Foreign Investors' Dollars Trapped in Nigeria’s Debt Market
editorApril 25, 2020 2:33 Am
Foreign investors have had their money trapped in Nigeria’s debt market as dollar liquidity dries up due to a lack of fresh inflows, a report monitored on Bloomberg has said.
Some bondholders who sold local-currency securities in March have been unable to repatriate their proceeds weeks after. Dollar inflows in Africa’s largest oil-producing nation have taken a hit from a plunge in crude, which account for 90 per cent of foreign-exchange earnings.
The investors and exporters market where foreigners buy dollars is trading $20 million a day on average compared with when it used to trade $300 million to $400 million per day two months ago, Stanbic IBTC equity analyst Akinbamidele Akintola said by phone.

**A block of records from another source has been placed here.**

Lemma IDcode_converse (R : realType) (p n l M : nat) (C : IDcode R p.+1 n l M)
    (d : R) (M' m : nat) :
  0 <= d -> d <= 1 -> 2 * lambda1 C <= d -> 2 * lambda2 C <= d ->
  (M' <= M)%N -> (0 < m)%N -> M'%:R * d ^+ m < (1 - d) ^+ m ->
  (M' < \sum_(k < m.+1) 'C((n.+1 ^ p) ^ l, k))%N.
Proof.
move=> d_ge0 d_le1 lam1_le lam2_le le_M'M m_gt0 sample_err.
pose msg (j : 'I_M') := widen_ord le_M'M j.
pose f j := pushforward (@ltype p n l) (out_prob C (msg j)).
pose B j := majority (@ltype p n l) (Dd C (msg j)).
have -> : ((n.+1 ^ p) ^ l = #|{ffun 'I_l -> {ffun 'I_p -> 'I_n.+1}}|)%N.
  by rewrite !card_ffun !card_ord.
apply: (@sample_count_lt R _ M' m f B d) => // [j o|j|j j' j'j].
- by rewrite /f; apply: pushforward_ge0 => y; apply: out_prob_ge0.
- rewrite /f /B.
  apply: le_trans (sum_pushforward_majority_ge (out_prob_ge0 C _) (out_prob_ltype C _) _).
  rewrite out_prob_sum1 lerD2l lerN2; apply: le_trans lam1_le.
  by rewrite ler_pM2l // out_prob_compl_le_lambda1.
- rewrite /f /B.
  apply: le_trans (sum_pushforward_majority_le (out_prob_ge0 C _) (out_prob_ltype C _) _) _.
  by apply: le_trans lam2_le; rewrite ler_pM2l // out_prob_other_le_lambda2.
Qed.

Lemma ln_le_tangent (R : realType) (x k : R) :
  0 < x -> 0 < k -> ln x <= x / k + ln k - 1.
Proof.
move=> x_gt0 k_gt0.
have : ln (1 + (x / k - 1)) <= x / k - 1.
  apply: le_ln1Dx; have : 0 < x / k by rewrite divr_gt0.
  lra.
by rewrite addrCA subrr addr0 ln_div ?posrE //; lra.
Qed.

“Everyone is a buyer of dollars but there is hardly any seller” after the central bank stopped dollar supply since March 20, Akintola said in a separate note earlier this month.Trapped investors are reinvesting funds in high-yielding central bank bills while they await enough liquidity to get their funds out, said Samir Gadio, London-based head of Africa strategy at Standard Chartered Plc. Yields on the long-dated papers now average 10% to 12% having rallied about 20% in March.